Posted on 1/14/15 at 12:38 am
Posted by Meauxjeaux
98836 posts including my alters
Member since Jun 2005
39961 posts
Posted on 1/14/15 at 12:38 am
Which is the regulations, taxes and requirements placed on the industry that make it unprofitable below $50 a barrel??

There is no reason whatsoever that American oil could not be extracted from any formation at a cost of $30/bbl or lower. Maybe even significantly lower.. low $20s.
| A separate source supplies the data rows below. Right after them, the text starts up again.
Lemma coupled_sim E F : inc E -> inc F ->
  ua (N_ E) (v E) (u F) -> ua (N_ F) (v F) (u E) -> sim u v E F.
Proof.
move=> iE iF h1 h2; apply: Hsplit => //.
by rewrite /coupled /coupled_plus !inE h1 h2 iE iF !orbT.
Qed.

Lemma f_closedP R w : inc R -> cp (v R) w -> connect (wo R) (u R) w -> cp (u R) w.
Proof.
move=> iR h1 h2; have /subsetP /(_ w) := Hfc iR.
by rewrite inE !oplusE plusRE h1 h2 => /(_ isT).
Qed.

Definition escape_edge E : rel V := fun a b =>
  [exists F, (u F == a) && (v F == b) && ~~ (inc F && sim u v E F)] &&
  (b \notin oplus u v inc (u E)).

(* The invariant maintained along escape paths: the vertices of N_E that are
   consistently reachable from y are consistently reachable from u_E. *)
Definition escape_inv E y : Prop :=
  forall w, cp y w -> w \in N_ E -> cp (u E) w.

Lemma escape_inv_notin E y : escape_inv E y ->
  y \notin oplus u v inc (u E) -> y \notin N_ E.
Proof. by move=> inv; apply: contra => yN; rewrite oplusE; apply: inv yN; exact: connect0. Qed.

Lemma escape_coupled E F w : inc F -> u F \notin N_ E ->
  cp (v F) w -> w \in N_ E -> w \notin N_ F -> ua (N_ F) (v F) (u E).
Proof.
move=> iF uFE cw wE wF.
have vFw : ua (N_ F) (v F) w.
  apply: (upath_avoid_closed cedge_uedge _ cw wF) => a b.
  by rewrite !plusRE => ca ab; apply: connect_trans ca (connect1 (cedge_wo iF ab)).
have uEw : ua (N_ F) (u E) w.
  rewrite plusRE in wE; apply: (upath_avoid_of_connect (@wo_uedge E) wE) => z c1 c2.
  apply/negP; rewrite plusRE => hz.
  case: (connect_wo_split F c2) => [h|h].
    by move/negP: wF; apply; rewrite plusRE; exact: connect_trans hz h.
  by move/negP: uFE; apply; rewrite plusRE; exact: connect_trans c1 h.
exact: upath_avoid_trans vFw (upath_avoid_sym uEw).
Qed.

(* Crossing an escape edge F preserves the invariant: if F is inconsistent
   and breaks it, E and F are coupled, hence equivalent, which escape edges
   exclude. *)
Lemma escape_step E F : inc E -> ~~ (inc F && sim u v E F) ->
  ua (N_ E) (v E) (u F) -> escape_inv E (u F) -> escape_inv E (v F).
Proof.
move=> iE nF uaF invF w cw wE.
have uFE := upath_avoid_end uaF.
case iF: (inc F); last first.
  apply: (invF w _ wE); apply: connect_trans cw; apply: connect1.
  by apply/cedgeP; exists F; rewrite iF.
apply/negPn/negP => nEw.
case: (boolP (w \in N_ F)) => wF.
  by move/negP: nEw; apply; apply: (invF w _ wE); apply: f_closedP => //; rewrite -plusRE.
by rewrite iF (coupled_sim iE iF uaF (escape_coupled iF uFE cw wE wF)) in nF.
Qed.

Lemma escape_path E y : inc E -> v E \notin oplus u v inc (u E) ->
  connect (escape_edge E) (v E) y -> ua (N_ E) (v E) y.
Proof.
move=> iE vEO Ey; suff: escape_inv E y /\ ua (N_ E) (v E) y by case.
move: y Ey; apply: (@connect_ind_last _ _ (v E) (fun y => escape_inv E y /\ ua (N_ E) (v E) y)).
  have inv0 : escape_inv E (v E) by move=> w cw; rewrite plusRE; apply: f_closedP.
  by split=> //; apply: upath_avoid_refl; apply: escape_inv_notin.
move=> x z _ [invx uax] /andP [/existsP [F /andP [/andP [/eqP uF /eqP vF] nF]] zO].
subst x z; have invF := escape_step iE nF uax invx.
split=> //; apply: upath_avoid_step uax (edge_uedge F) _.
exact: escape_inv_notin invF zO.
Qed.

Lemma cpath_escape E a x : cp a x -> ~~ cp (u E) x -> connect (escape_edge E) a x.
Proof.
apply: (@connect_ind_last _ _ a (fun x => ~~ cp (u E) x -> connect (escape_edge E) a x)).
  by move=> _; exact: connect0.
move=> y z _ IH yz nEz.
have nEy : ~~ cp (u E) y by apply: contra nEz => h; exact: connect_trans h (connect1 yz).
apply: connect_trans (IH nEy) (connect1 _); case/cedgeP: yz => F [iF uF vF]; subst y z.
rewrite /escape_edge oplusE nEz andbT; apply/existsP; exists F.
by rewrite !eqxx (negbTE iF).
Qed.

(* If y is consistently reachable from u_E but not from u_E2 for some E2 in
   the class of E, then the directed path from u_E2 back to u_E crosses an
   edge E' of the class with v_E' -> y but not u_E' -> y. *)
Lemma class_exit E E2 y : E2 \in cls u v inc E -> cp (u E) y -> ~~ cp (u E2) y ->
  exists E', [/\ E' \in cls u v inc E, cp (v E') y & ~~ cp (u E') y].
Proof.
rewrite clsE simE => /andP [_ /andP [dEE2 dE2E]] cEy.
move: (u E2) dE2E dEE2; apply: (@connect_ind_first _ _ (u E) (fun a =>
  dp (u E) a -> ~~ cp a y ->
  exists E', [/\ E' \in cls u v inc E, cp (v E') y & ~~ cp (u E') y])).
  by move=> _ /negP.
move=> a b /dedgeP [H [uH vH]] dbE IH dEa nay; subst a b.
have dEb : dp (u E) (v H) := connect_trans dEa (connect1 (edge_dedge H)).
case cHy: (cp (v H) y); last exact: IH dEb (negbT cHy).
case iH: (inc H).
  exists H; split => //; rewrite clsE iH simE dEa /=.
  exact: connect_trans (connect1 (edge_dedge H)) dbE.
move/negP: nay; case; apply: connect_trans cHy; apply: connect1.
by apply/cedgeP; exists H; rewrite iH.
Qed.

Definition escaped C y : Prop := exists E,
  [/\ E \in C, v E \notin oplus u v inc (u E) & connect (escape_edge E) (v E) y].

Lemma escaped_of_cpath C E x : C \in Classes -> E \in C -> cp (u E) x -> x \notin Cop C ->
  escaped C x.
Proof.
move=> HC EC cEx /CoplusP xC; have [CE _] := Eqc_mem HC EC.
have [E2 E2C nE2x] : exists2 E2, E2 \in C & ~~ cp (u E2) x.
  apply/exists_inP; apply: contraT; rewrite negb_exists_in => /forall_inP H.
  by case: xC => R RC; apply/negPn; apply: H.
rewrite CE in E2C; have [E' [E'C cE'x nE'x]] := class_exit E2C cEx nE2x.
exists E'; split; first by rewrite CE.
  by rewrite oplusE; apply: contra nE'x => h; exact: connect_trans h cE'x.
exact: cpath_escape cE'x nE'x.
Qed.

Lemma escaped_head C H : C \in Classes -> H \in C -> v H \notin Cop C -> escaped C (v H).
Proof.
move=> HC HinC vHC; case: (boolP (cp (u H) (v H))) => cH.
  exact: escaped_of_cpath HC HinC cH vHC.
by exists H; split; rewrite ?oplusE ?connect0.
Qed.

Lemma escape_cover C R y : sink u v inc C -> R \in C -> dp (u R) y -> y \notin Cop C ->
  escaped C y.
Proof.
move=> HS RC dRy yC; have HC := sink_Eqc HS.
suff : y \in Cop C \/ escaped C y by case => // yC'; rewrite yC' in yC.
move: y dRy {yC}; apply: (@connect_ind_last _ _ (u R) (fun x => x \in Cop C \/ escaped C x)).
  case: (boolP (u R \in Cop C)) => h; [by left | right].
  exact: escaped_of_cpath HC RC (connect0 _ _) h.
move=> x z _ IH /dedgeP [F [uF vF]]; subst x z.
case: (boolP (v F \in Cop C)) => vFC; [by left | right].
case: IH => [uFC | [E [EC vEO esc]]].
  case iF: (inc F); first exact: escaped_head HC (sink_absorbs HS iF uFC) vFC.
  move/negP: vFC; case; apply: Coplus_closed uFC (connect1 _).
  by apply/cedgeP; exists F; rewrite iF.
case FE: (inc F && sim u v E F).
  by apply: (escaped_head HC _ vFC); rewrite (Eqc_mem HC EC).1 clsE.
case: (boolP (v F \in oplus u v inc (u E))) => vFO.
  by apply: escaped_of_cpath HC EC _ vFC; rewrite -oplusE.
exists E; split => //; apply: connect_trans esc (connect1 _).
by rewrite /escape_edge vFO andbT; apply/existsP; exists F; rewrite !eqxx FE.
Qed.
$50/bbl oil is not the problem.
Posted by Asgard Device
The Daedalus
Member since Apr 2011
11562 posts
Posted on 1/14/15 at 12:59 am to
quote:

regulations


The same people that complain about regulations are the same people who want clean water, to save the wetlands, suing BP, milking hurricane recovery money to rebuild and are the same people who want to maintain the levees and the port where it is. All they want is everything at once.

There's no way that taxes are 40% of O&G costs, as you assert. You could almost completely eliminate the Louisiana state corporate income tax by doing away with the film and digital media subsidies, btw. As far as the Feds go, Louisiana's population is already angry at them.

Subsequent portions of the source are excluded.